Collected data

+++++

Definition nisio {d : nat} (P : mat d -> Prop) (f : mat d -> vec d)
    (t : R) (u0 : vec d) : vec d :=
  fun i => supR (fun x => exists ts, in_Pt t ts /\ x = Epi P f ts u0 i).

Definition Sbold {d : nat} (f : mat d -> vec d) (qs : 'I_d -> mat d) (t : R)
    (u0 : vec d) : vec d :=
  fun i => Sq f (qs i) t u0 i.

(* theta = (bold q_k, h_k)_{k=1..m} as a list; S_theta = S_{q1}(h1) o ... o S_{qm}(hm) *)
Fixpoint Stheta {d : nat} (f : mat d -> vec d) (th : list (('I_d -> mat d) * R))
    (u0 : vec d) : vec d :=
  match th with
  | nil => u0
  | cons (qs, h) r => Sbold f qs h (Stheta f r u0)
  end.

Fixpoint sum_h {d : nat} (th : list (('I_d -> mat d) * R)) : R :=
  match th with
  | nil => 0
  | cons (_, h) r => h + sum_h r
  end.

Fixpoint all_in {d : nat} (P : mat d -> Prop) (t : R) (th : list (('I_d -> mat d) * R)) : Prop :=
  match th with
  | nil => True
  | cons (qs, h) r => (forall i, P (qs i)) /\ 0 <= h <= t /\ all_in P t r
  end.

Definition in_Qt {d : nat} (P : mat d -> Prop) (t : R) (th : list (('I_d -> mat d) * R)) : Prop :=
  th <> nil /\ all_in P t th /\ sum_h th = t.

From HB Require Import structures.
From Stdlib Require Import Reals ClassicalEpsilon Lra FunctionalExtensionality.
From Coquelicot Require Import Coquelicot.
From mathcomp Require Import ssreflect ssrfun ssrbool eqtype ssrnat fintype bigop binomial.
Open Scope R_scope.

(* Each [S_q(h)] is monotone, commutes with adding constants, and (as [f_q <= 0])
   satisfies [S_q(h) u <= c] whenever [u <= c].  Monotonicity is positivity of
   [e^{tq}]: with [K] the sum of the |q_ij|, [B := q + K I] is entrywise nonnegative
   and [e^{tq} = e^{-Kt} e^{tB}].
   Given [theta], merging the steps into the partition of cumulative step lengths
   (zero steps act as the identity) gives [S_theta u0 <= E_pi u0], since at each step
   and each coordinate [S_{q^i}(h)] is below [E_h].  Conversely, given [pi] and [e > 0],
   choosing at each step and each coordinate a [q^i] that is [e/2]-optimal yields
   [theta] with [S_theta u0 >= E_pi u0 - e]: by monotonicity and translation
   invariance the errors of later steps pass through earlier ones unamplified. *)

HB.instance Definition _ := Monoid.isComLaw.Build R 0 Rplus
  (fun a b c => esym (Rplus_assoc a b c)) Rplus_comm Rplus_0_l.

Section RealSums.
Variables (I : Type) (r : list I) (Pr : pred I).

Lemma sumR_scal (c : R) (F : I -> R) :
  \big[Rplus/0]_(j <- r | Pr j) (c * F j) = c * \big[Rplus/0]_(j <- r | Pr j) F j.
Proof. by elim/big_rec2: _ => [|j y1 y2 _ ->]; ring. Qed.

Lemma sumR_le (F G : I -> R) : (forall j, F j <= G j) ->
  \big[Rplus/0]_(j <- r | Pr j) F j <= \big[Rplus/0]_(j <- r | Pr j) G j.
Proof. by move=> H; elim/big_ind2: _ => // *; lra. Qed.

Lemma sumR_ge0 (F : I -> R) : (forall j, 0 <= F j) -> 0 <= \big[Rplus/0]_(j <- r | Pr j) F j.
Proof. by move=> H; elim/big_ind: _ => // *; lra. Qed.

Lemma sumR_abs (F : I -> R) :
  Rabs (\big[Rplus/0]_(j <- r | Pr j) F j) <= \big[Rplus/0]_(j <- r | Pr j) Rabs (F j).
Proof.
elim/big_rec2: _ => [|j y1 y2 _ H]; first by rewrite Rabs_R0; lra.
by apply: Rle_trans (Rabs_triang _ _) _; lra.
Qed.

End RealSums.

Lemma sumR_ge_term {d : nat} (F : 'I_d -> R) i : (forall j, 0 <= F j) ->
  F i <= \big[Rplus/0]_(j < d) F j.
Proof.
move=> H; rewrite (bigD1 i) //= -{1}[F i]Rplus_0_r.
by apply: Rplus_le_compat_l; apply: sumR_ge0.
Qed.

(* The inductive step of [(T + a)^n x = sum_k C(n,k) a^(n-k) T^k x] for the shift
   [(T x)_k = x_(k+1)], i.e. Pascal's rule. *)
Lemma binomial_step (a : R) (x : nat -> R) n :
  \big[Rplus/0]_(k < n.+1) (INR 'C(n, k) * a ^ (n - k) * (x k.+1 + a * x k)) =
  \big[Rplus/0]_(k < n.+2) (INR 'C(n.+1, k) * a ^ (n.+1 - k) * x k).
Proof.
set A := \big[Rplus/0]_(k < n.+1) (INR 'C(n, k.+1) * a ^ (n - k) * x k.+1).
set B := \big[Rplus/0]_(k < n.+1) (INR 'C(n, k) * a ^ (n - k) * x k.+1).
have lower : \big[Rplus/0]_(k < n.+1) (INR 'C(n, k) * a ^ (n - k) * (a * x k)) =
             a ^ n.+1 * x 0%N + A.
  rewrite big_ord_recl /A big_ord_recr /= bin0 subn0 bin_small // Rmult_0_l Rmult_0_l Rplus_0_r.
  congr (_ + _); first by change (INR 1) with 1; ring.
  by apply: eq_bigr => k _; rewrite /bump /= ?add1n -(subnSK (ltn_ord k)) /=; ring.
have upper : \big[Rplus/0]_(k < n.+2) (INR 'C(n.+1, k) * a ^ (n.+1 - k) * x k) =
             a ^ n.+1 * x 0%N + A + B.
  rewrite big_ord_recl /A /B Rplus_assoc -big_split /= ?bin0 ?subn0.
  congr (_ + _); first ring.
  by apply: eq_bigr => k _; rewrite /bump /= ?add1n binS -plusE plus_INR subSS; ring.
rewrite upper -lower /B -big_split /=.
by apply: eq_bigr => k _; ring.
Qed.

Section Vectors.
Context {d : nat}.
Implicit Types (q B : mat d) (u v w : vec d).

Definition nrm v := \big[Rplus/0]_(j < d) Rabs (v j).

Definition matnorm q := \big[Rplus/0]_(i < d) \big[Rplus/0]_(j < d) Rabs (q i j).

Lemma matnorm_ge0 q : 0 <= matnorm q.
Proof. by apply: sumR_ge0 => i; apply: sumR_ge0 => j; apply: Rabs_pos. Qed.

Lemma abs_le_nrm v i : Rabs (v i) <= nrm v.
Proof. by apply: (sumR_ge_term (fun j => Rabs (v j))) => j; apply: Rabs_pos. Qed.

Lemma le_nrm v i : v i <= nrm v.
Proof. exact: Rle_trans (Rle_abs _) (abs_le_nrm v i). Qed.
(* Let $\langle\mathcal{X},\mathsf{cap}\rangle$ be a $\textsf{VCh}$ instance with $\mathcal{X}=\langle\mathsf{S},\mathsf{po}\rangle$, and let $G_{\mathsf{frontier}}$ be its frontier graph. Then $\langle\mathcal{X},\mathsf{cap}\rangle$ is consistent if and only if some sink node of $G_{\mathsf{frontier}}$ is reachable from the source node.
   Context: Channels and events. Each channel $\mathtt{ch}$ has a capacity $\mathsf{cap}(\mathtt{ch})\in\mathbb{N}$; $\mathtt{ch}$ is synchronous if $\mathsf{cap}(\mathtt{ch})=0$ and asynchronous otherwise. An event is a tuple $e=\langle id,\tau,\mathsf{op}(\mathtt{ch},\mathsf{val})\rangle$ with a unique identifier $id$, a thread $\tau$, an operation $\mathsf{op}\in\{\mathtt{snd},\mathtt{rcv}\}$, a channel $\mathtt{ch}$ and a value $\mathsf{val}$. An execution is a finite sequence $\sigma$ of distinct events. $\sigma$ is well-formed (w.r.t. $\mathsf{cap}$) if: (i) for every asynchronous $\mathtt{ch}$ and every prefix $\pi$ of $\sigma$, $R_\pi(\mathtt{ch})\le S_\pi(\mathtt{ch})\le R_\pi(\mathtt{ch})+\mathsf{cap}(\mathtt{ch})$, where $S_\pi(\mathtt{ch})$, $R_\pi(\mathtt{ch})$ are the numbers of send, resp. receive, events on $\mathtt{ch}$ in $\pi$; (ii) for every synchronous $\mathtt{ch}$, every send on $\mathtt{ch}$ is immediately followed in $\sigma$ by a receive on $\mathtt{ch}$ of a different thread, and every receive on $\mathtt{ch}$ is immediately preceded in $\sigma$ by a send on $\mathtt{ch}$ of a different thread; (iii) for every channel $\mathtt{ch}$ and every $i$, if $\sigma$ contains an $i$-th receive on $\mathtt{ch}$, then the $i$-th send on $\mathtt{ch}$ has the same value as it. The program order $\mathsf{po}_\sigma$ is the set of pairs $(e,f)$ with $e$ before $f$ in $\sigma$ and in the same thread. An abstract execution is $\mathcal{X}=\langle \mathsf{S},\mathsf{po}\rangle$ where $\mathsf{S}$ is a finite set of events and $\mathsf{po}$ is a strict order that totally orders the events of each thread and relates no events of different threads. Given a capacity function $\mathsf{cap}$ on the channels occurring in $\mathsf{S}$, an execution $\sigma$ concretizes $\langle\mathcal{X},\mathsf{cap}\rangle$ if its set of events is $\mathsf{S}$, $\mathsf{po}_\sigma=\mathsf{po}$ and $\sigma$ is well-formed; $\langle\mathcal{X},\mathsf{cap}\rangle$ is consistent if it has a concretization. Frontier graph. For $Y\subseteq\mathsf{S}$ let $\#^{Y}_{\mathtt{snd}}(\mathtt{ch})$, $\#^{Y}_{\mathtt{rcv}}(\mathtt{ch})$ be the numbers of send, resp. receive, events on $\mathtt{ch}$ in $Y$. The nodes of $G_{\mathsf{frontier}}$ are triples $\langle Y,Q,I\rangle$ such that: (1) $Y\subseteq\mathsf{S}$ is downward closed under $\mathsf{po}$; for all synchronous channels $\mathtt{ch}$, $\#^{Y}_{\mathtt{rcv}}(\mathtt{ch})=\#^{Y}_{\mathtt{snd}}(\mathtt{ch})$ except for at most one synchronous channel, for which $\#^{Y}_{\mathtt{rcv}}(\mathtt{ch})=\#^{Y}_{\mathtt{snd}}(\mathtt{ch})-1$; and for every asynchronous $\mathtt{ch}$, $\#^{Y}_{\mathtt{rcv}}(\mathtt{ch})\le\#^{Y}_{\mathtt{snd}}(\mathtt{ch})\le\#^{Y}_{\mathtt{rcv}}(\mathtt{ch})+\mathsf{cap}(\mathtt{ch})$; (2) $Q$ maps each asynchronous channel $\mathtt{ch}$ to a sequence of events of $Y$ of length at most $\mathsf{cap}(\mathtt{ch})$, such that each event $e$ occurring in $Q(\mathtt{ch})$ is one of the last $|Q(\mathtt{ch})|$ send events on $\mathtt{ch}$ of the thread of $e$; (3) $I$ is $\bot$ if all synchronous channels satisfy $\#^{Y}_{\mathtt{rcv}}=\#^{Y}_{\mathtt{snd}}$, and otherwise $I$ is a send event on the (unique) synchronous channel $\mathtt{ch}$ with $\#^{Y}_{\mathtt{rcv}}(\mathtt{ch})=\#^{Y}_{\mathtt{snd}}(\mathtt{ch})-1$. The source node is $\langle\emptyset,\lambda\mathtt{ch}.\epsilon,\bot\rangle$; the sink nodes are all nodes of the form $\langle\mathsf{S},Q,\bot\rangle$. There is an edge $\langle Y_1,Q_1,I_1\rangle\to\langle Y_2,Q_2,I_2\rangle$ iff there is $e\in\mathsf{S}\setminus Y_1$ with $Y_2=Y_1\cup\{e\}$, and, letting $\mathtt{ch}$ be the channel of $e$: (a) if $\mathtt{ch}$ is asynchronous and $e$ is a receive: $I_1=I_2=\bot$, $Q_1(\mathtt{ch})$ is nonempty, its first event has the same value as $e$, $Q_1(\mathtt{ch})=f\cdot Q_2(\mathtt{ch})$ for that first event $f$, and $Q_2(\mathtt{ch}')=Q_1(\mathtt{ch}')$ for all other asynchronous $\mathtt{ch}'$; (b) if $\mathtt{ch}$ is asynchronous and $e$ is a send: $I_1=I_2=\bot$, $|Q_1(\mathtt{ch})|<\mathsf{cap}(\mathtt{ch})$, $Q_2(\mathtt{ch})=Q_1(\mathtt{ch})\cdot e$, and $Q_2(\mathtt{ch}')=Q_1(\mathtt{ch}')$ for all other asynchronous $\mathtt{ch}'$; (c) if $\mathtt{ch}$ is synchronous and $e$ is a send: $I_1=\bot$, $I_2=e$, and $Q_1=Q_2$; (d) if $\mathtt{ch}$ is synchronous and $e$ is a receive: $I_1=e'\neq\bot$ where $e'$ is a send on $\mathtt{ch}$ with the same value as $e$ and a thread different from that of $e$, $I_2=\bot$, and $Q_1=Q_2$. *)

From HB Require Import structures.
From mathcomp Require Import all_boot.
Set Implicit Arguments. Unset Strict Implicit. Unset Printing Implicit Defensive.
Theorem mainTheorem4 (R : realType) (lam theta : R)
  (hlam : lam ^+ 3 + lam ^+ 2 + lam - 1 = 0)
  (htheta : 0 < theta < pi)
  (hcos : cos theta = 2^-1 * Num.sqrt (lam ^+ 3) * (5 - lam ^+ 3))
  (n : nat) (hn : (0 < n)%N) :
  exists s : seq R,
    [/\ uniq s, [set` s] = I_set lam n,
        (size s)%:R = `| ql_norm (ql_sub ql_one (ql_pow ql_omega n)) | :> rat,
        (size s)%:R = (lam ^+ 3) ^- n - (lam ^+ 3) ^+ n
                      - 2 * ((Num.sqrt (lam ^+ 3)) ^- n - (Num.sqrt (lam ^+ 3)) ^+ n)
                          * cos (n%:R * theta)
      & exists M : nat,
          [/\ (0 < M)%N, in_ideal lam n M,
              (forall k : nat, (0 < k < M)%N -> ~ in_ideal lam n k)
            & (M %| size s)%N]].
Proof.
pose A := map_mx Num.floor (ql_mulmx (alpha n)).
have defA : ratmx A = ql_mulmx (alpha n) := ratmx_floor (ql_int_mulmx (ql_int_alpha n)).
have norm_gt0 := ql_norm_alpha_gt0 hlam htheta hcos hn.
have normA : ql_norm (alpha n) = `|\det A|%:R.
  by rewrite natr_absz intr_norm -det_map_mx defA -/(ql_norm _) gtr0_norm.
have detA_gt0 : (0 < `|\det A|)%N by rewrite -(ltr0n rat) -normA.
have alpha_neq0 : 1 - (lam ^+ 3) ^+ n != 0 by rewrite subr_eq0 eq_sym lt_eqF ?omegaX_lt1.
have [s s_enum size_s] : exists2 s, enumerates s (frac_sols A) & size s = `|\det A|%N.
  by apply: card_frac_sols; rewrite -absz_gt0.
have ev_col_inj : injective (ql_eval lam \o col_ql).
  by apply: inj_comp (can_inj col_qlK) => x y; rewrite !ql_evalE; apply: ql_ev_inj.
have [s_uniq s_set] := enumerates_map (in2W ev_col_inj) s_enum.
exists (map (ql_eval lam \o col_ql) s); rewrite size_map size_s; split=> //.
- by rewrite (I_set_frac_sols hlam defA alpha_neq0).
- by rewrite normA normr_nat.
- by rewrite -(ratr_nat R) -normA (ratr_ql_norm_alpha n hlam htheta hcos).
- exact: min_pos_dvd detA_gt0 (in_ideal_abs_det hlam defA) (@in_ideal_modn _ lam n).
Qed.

+++++

**WORK ITEM**
Above are records; repeat only the lines starting at the line with "r | Pr j) G j." and ending at the line with "congr (_ + _); first ring.", exactly as they appear, both included.

**TASK ANSWER**
  \big[Rplus/0]_(j <- r | Pr j) F j <= \big[Rplus/0]_(j <- r | Pr j) G j.
Proof. by move=> H; elim/big_ind2: _ => // *; lra. Qed.

Lemma sumR_ge0 (F : I -> R) : (forall j, 0 <= F j) -> 0 <= \big[Rplus/0]_(j <- r | Pr j) F j.
Proof. by move=> H; elim/big_ind: _ => // *; lra. Qed.

Lemma sumR_abs (F : I -> R) :
  Rabs (\big[Rplus/0]_(j <- r | Pr j) F j) <= \big[Rplus/0]_(j <- r | Pr j) Rabs (F j).
Proof.
elim/big_rec2: _ => [|j y1 y2 _ H]; first by rewrite Rabs_R0; lra.
by apply: Rle_trans (Rabs_triang _ _) _; lra.
Qed.

End RealSums.

Lemma sumR_ge_term {d : nat} (F : 'I_d -> R) i : (forall j, 0 <= F j) ->
  F i <= \big[Rplus/0]_(j < d) F j.
Proof.
move=> H; rewrite (bigD1 i) //= -{1}[F i]Rplus_0_r.
by apply: Rplus_le_compat_l; apply: sumR_ge0.
Qed.

(* The inductive step of [(T + a)^n x = sum_k C(n,k) a^(n-k) T^k x] for the shift
   [(T x)_k = x_(k+1)], i.e. Pascal's rule. *)
Lemma binomial_step (a : R) (x : nat -> R) n :
  \big[Rplus/0]_(k < n.+1) (INR 'C(n, k) * a ^ (n - k) * (x k.+1 + a * x k)) =
  \big[Rplus/0]_(k < n.+2) (INR 'C(n.+1, k) * a ^ (n.+1 - k) * x k).
Proof.
set A := \big[Rplus/0]_(k < n.+1) (INR 'C(n, k.+1) * a ^ (n - k) * x k.+1).
set B := \big[Rplus/0]_(k < n.+1) (INR 'C(n, k) * a ^ (n - k) * x k.+1).
have lower : \big[Rplus/0]_(k < n.+1) (INR 'C(n, k) * a ^ (n - k) * (a * x k)) =
             a ^ n.+1 * x 0%N + A.
  rewrite big_ord_recl /A big_ord_recr /= bin0 subn0 bin_small // Rmult_0_l Rmult_0_l Rplus_0_r.
  congr (_ + _); first by change (INR 1) with 1; ring.
  by apply: eq_bigr => k _; rewrite /bump /= ?add1n -(subnSK (ltn_ord k)) /=; ring.
have upper : \big[Rplus/0]_(k < n.+2) (INR 'C(n.+1, k) * a ^ (n.+1 - k) * x k) =
             a ^ n.+1 * x 0%N + A + B.
  rewrite big_ord_recl /A /B Rplus_assoc -big_split /= ?bin0 ?subn0.
  congr (_ + _); first ring.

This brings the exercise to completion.